Deadweight has been contracting our fiscal capacity for years. Deadweight loss occurs when supply and demand are not in equilibrium, or when there is market inefficiency in a sector. For instance, we grossly understate the economic loss incurred by protecting the Grain Marketing Board as the monopoly purchaser of grains at a fixed price of US$390 a tonne.
We must “open economy”.
Achieving capital formation is a desirable fiscal strategy in that it creates a more lucrative private sector which not only gives tax revenue, but can actually finance capital projects as well. The benefits are evident in other countries that have pursued this strategy.
Argentina, a nation cut off from international credit markets just like Zimbabwe, on Tuesday sold US$1,4 billion of bonds to local investors, showing that it can raise money on its own.

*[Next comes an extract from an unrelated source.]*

(* Let $n\ge2$. Under the diagonal top-down model, the probability that the generated fully heterochronous ranked tree shape with $n$ leaves has $\mathbf{F}$-matrix $F$ is $$P(F)=\frac{1}{C_{n-1}}\cdot\frac{2^{n-1}}{\prod_{j=1}^{2n-2}F_{j-1,j-1}},\qquad C_{n-1}=\frac1n\binom{2n-2}{n-1}.$$
   Context: A fully heterochronous ranked tree shape with $n$ leaves is a rooted full binary tree (every node has out-degree $0$ or $2$), without leaf labels, with $n$ leaves, together with a total ordering of all $2n-1$ nodes (leaves included) such that nodes appear in increasing order along every path from the root to a leaf; the position of a node in this order, numbered $0,\dots,2n-2$, is its rank. Its $\mathbf{F}$-matrix is the $(2n-2)\times(2n-2)$ lower triangular matrix $F$, indices from $0$ to $2n-3$, where for $0\le j\le i$ the entry $F_{i,j}$ is the number of edges from a parent node $v$ to a child node $w$ with rank of $v$ at most $j$ and rank of $w$ larger than $i$ (entries with a negative index are taken to be $0$). The diagonal of such a matrix is a sequence of positive integers with $F_{0,0}=2$, $F_{k,k}=F_{k-1,k-1}\pm1$ and $F_{2n-3,2n-3}=1$; there are $C_{n-1}$ such sequences. Diagonal top-down model: first choose the diagonal $(F_{k,k})_{k=0}^{2n-3}$ uniformly at random among all such valid diagonals. Then build the remaining entries row by row: for $k=1,\dots,2n-3$, given rows $0,\dots,k-1$, choose $L\in\{0,\dots,k-1\}$ with probability $(F_{k-1,L}-F_{k-1,L-1})/F_{k-1,k-1}$ and set $F_{k,j}=F_{k-1,j}$ for $j<L$ and $F_{k,j}=F_{k-1,j}-1$ for $L\le j\le k-1$. Equivalently, the node of rank $k$ is attached as the child end of an edge chosen uniformly at random among the $F_{k-1,k-1}$ edges whose parent has rank at most $k-1$ and whose child has not yet been placed; it is internal if $F_{k,k}=F_{k-1,k-1}+1$ and a leaf otherwise (the node of rank $2n-2$ is a leaf on the unique remaining edge). *)

From mathcomp Require Import all_boot all_order all_algebra.
Set Implicit Arguments. Unset Strict Implicit. Unset Printing Implicit Defensive.
Import Order.TTheory GRing.Theory Num.Theory.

Closer to home, the East African Community private sector is set to form a 1,9 billion shilling fund to increase their support for capital projects.
So worldwide, the realisation of self-sufficient financing has come of age in developing economies.
Of course, our infrastructure gap cannot be closed by just internal capital formation.
Hence, there is need for a strategy to attract investment to finance infrastructure projects. This strategy comes with the low price of transparency! We must identify specific capital projects that have a high priority.
From there, credible financial projections must be drafted up, showing future cashflows to be derived from these projects.
When this is in place, it will be easier for Public-Private Partnerships between the State and private financiers. All that becomes necessary is transparent infrastructure regulation and contracting.
Legal frameworks around these projects must be clear and universally applicable to all potential takers. At that point, if we struggle to find capital project financiers, the reasons would be between a lack of competitive procedural efficiency and the projects not showing future cashflows for investor pay back.
The former, however, would be a potential for further cost-cutting. Efficient administration and services in investment procedures simply involve cutting out unnecessary bureaucratic bottlenecks that are a cost to governance. Removing these bottlenecks would be useful fiscal saving.
It is evident that Zimbabwe has plenty of options to create fiscal space for certain expenditures, including civil servant bonuses. Unfortunately, however, our present circumstance is the outcome when a country fails to craft its own economic methodology.
We seem to have choice, but for foreign lenders to always be right!